What to do »
Return a verbatim reproduction of each line, starting at the line with "b); apply principal_der_meet]." and ending at the last line of the listing below.

[[ Data to process open ]]

Theorem proposition5p11 (A : MVAlgebra) :
  (* closure of PDer(A) and IDer(A) under pointwise join and meet *)
  (forall d1 d2 : A -> A, PDer d1 -> PDer d2 -> PDer (fjoin d1 d2) /\ PDer (fmeet d1 d2)) /\
  (forall d1 d2 : A -> A, IDer d1 -> IDer d2 -> IDer (fjoin d1 d2) /\ IDer (fmeet d1 d2)) /\
  (* (1) d_a |-> a is a lattice isomorphism PDer(A) -> (A, join, meet):
     well defined / injective, surjective, and preserves join and meet *)
  ((forall a b : A, principal_der a = principal_der b -> a = b) /\
   (forall a b : A, fjoin (principal_der a) (principal_der b) = principal_der (mv_join a b)) /\
   (forall a b : A, fmeet (principal_der a) (principal_der b) = principal_der (mv_meet a b))) /\
  (* (2) d |-> d(1) is a lattice isomorphism IDer(A) -> (B(A), join, meet) *)
  ((forall d : A -> A, IDer d -> boolean_center (d mv_one)) /\
   (forall d1 d2 : A -> A, IDer d1 -> IDer d2 -> d1 mv_one = d2 mv_one -> d1 = d2) /\
   (forall b : A, boolean_center b -> exists d : A -> A, IDer d /\ d mv_one = b) /\
   (forall d1 d2 : A -> A, IDer d1 -> IDer d2 ->
      fjoin d1 d2 mv_one = mv_join (d1 mv_one) (d2 mv_one) /\
      fmeet d1 d2 mv_one = mv_meet (d1 mv_one) (d2 mv_one))).
Proof.
  split; [|split; [|split]].
  - intros d1 d2 [a ->] [b ->].
    split; [exists (a ⊔ b); apply principal_der_join
           | exists (a ⊓ b); apply principal_der_meet].
  - exact IDer_join_meet.
  - split; [exact principal_der_inj | split; [exact principal_der_join
                                             | exact principal_der_meet]].
  - split; [|split; [|split]].
    + intros d Hd. exact (proj2 (proj2 Hd)).
    + intros d1 d2 H1 H2 E.
      rewrite (IDer_principal H1), (IDer_principal H2), E. reflexivity.
    + intros b Hb. exists (principal_der b).
      split; [exact (principal_der_IDer _ Hb) | apply odot1].
    + intros d1 d2 _ _. split; reflexivity.
Qed.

[[ Data to process closed ]]

Task output »
           | exists (a ⊓ b); apply principal_der_meet].
  - exact IDer_join_meet.
  - split; [exact principal_der_inj | split; [exact principal_der_join
                                             | exact principal_der_meet]].
  - split; [|split; [|split]].
    + intros d Hd. exact (proj2 (proj2 Hd)).
    + intros d1 d2 H1 H2 E.
      rewrite (IDer_principal H1), (IDer_principal H2), E. reflexivity.
    + intros b Hb. exists (principal_der b).
      split; [exact (principal_der_IDer _ Hb) | apply odot1].
    + intros d1 d2 _ _. split; reflexivity.
Qed.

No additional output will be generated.